If you don’t already have a customer persona, start by working on a persona for your most valuable customer type.

Level up:

If you already have a customer persona, consider creating additional personas to acknowledge other valuable customer types. Validate your existing persona by checking back in on the data you used when you created it and updating it as needed. Use your customer personas to identify CX needs.

2. Build customer journey maps to better prioritize CX efforts

A customer journey map is an externally focused map of your customer’s experience through the full cycle of a particular journey. For example, the journey could start at the customer’s own awareness of a need and end with a product purchase, with steps for every interaction and impression in between.

The process of building a customer journey map is an act of empathy; you should put yourself in your customer’s shoes and imagine their actions and feelings along the way. By the end of the process, you should have a deeper understanding of gaps or flaws in the customer experience and your customer’s motivations, desires, and feelings throughout.

Where to start:

If you don’t already have a journey map, have a workshop with key stakeholders involved in any customer-facing touchpoint.

Level up:

If you have a journey map already, validate that it’s still accurate every year or so. Use your journey maps to identify pain points within your customer’s journey and brainstorm solutions.

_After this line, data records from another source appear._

(* Let $L\in\{1,2,\dots,q-1\}$. Every $L$-MDS code over $F=\mathrm{GF}(q)$ is MDS.
   Context: $\mathsf w(\cdot)$ denotes Hamming weight. For $L\in\mathbb Z^+$ and nonnegative $\tau\in\frac{1}{L+1}\mathbb Z$, a code $\mathcal C\subseteq F^n$ is strongly-$(\tau,L)$-list decodable if there do not exist $y\in F^n$ and $L+1$ distinct codewords $c_0,\dots,c_L\in\mathcal C$ with $\sum_{m=0}^{L}\mathsf w(y-c_m)\le(L+1)\tau$. A linear $[n,k]$ code over $F$ is called $L$-MDS if it is strongly-$\left(\frac{L(n-k)}{L+1},L\right)$-list decodable; equivalently, any $L+1$ distinct vectors lying in a common coset of the code have total Hamming weight greater than $L(n-k)$. *)

From HB Require Import structures.
From mathcomp Require Import all_boot all_order all_algebra all_field.
Set Implicit Arguments. Unset Strict Implicit. Unset Printing Implicit Defensive.
Import GRing.Theory.
Local Open Scope ring_scope.

Definition wt (F : fieldType) (n : nat) (v : 'rV[F]_n) : nat :=
  #|[set i : 'I_n | v 0 i != 0]|.

(* A linear code of length n over F is a subspace C of F^n; its dimension
   k is \dim C.  Strong (tau, L)-list decodability, where T = (L+1) * tau
   (a nonnegative integer since tau is in (1/(L+1))Z):  there is no y and
   no L+1 distinct codewords c_0..c_L with sum_m w(y - c_m) <= T. *)
Definition strongly_list_decodable (F : fieldType) (n : nat)
    (C : {vspace 'rV[F]_n}) (L T : nat) : Prop :=
  ~ exists (y : 'rV[F]_n) (c : 'I_L.+1 -> 'rV[F]_n),
      [/\ injective c, (forall m, c m \in C) &
          (\sum_(m < L.+1) wt (y - c m) <= T)%N].

(* L-MDS: strongly-(L(n-k)/(L+1), L)-list decodable, i.e. T = L (n - k). *)
Definition L_MDS (F : fieldType) (n : nat) (C : {vspace 'rV[F]_n}) (L : nat) : Prop :=
  strongly_list_decodable C L (L * (n - \dim C)).

Definition MDS (F : fieldType) (n : nat) (C : {vspace 'rV[F]_n}) : Prop :=
  forall c : 'rV[F]_n, c \in C -> c != 0 -> (n - \dim C < wt c)%N.

From HB Require Import structures.
From mathcomp Require Import all_boot all_order all_algebra all_field.
Set Implicit Arguments. Unset Strict Implicit. Unset Printing Implicit Defensive.
Import GRing.Theory.
Local Open Scope ring_scope.

(* A field with more than L elements gives L+1 distinct multiples a_m c of a
   nonzero codeword c.  Centred at y = a_0 c, the words y - a_m c are all
   nonzero multiples of c except one, so their total weight is L wt(c); an
   L-MDS code forces L wt(c) > L (n - k), i.e. wt(c) > n - k. *)

Lemma wt0 (F : fieldType) n : wt (0 : 'rV[F]_n) = 0%N.
Proof. by apply: eq_card0 => i; rewrite !inE mxE eqxx. Qed.

Lemma wtZ (F : fieldType) n (a : F) (v : 'rV[F]_n) : a != 0 -> wt (a *: v) = wt v.
Proof. by move=> a0; apply: eq_card => i; rewrite !inE mxE mulf_eq0 (negbTE a0). Qed.

Lemma scalel_inj (F : fieldType) (V : lmodType F) (v : V) :
  v != 0 -> injective ( *:%R^~ v : F -> V).
Proof.
move=> v0 a b /eqP; rewrite -subr_eq0 -scalerBl scaler_eq0 (negbTE v0) orbF.
by rewrite subr_eq0 => /eqP.
Qed.

Lemma strongly_list_decodable_le (F : fieldType) n (C : {vspace 'rV[F]_n}) L T T' :
  (T' <= T)%N -> strongly_list_decodable C L T -> strongly_list_decodable C L T'.
Proof.
move=> leT CT [y [c [c_inj cC sum_le]]]; apply: CT.
by exists y, c; split=> //; apply: leq_trans leT.
Qed.

Lemma sum_wt_scale_centred (F : fieldType) n L (a : 'I_L.+1 -> F) (c : 'rV[F]_n) :
  injective a ->
  (\sum_(m < L.+1) wt (a ord0 *: c - a m *: c))%N = (L * wt c)%N.
Proof.
move=> a_inj; rewrite big_ord_recl subrr wt0 add0n.
rewrite (eq_bigr (fun _ => wt c)) ?sum_nat_const ?card_ord ?muln_comm //.
move=> m _; rewrite -scalerBl wtZ // subr_eq0.
by apply/eqP => /a_inj.
Qed.

Lemma multiples_not_list_decodable (F : finFieldType) n (C : {vspace 'rV[F]_n}) L
    (c : 'rV[F]_n) :
  (L.+1 <= #|F|)%N -> c \in C -> c != 0 -> ~ strongly_list_decodable C L (L * wt c).
Proof.
move=> LF cC c0; apply.
pose a (m : 'I_L.+1) : F := enum_val (widen_ord LF m).
have a_inj : injective a by move=> i j /enum_val_inj [] /val_inj.
exists (a ord0 *: c), (fun m => a m *: c); split.
- exact: inj_comp (scalel_inj c0) a_inj.
- by move=> m; rewrite memvZ.
- by rewrite sum_wt_scale_centred.
Qed.

Theorem mainTheorem8 (F : finFieldType) (n : nat) (C : {vspace 'rV[F]_n}) (L : nat) :
  (1 <= L <= #|F|.-1)%N -> L_MDS C L -> MDS C.
Proof.
move=> /andP[_ L_le] C_LMDS c cC c0; rewrite ltnNge; apply/negP => wt_le.
have F_gt0 : (0 < #|F|)%N by apply/card_gt0P; exists 0.
have LF : (L.+1 <= #|F|)%N by rewrite -(prednK F_gt0) ltnS.
apply: (multiples_not_list_decodable LF cC c0).
exact: strongly_list_decodable_le (leq_mul (leqnn L) wt_le) C_LMDS.
Qed.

3. Create a Voice of the Customer program to improve CX efforts

A VoC program helps measure customer experience (CX) by capturing and analyzing multiple types of customer feedback to identify customer experience areas that need improvement. As one of the core ways to better understand your customers, VoC programs enable organizations to follow one of the foundational pillars of strong CX.

Data sources for a VoC program can include customer complaints, customer surveys, employee feedback, company reviews, interviews, and social media. Through rich, diversified sources of customer feedback, VoC programs help companies better understand customer experience and sentiment.

Where to start:

If you don’t have a VoC program in place, start by improving your customer survey program: Standardize surveys and make timing regular and consistent.

Level up:

If you already have a VoC program in place, consider adding other forms of feedback to enrich your VoC. Use this data to track progress on your CX efforts.

Envision your long-term CX strategy goals

Using the customer experience maturity table above, ask yourself where your organization’s CX program is now, where you want it to be, and how you can get there.

Starting or improving your efforts in one or all of the popular CX initiatives laid out here (personas, journey maps, and VoC programs) is a great place to start in leveling up your CX maturity.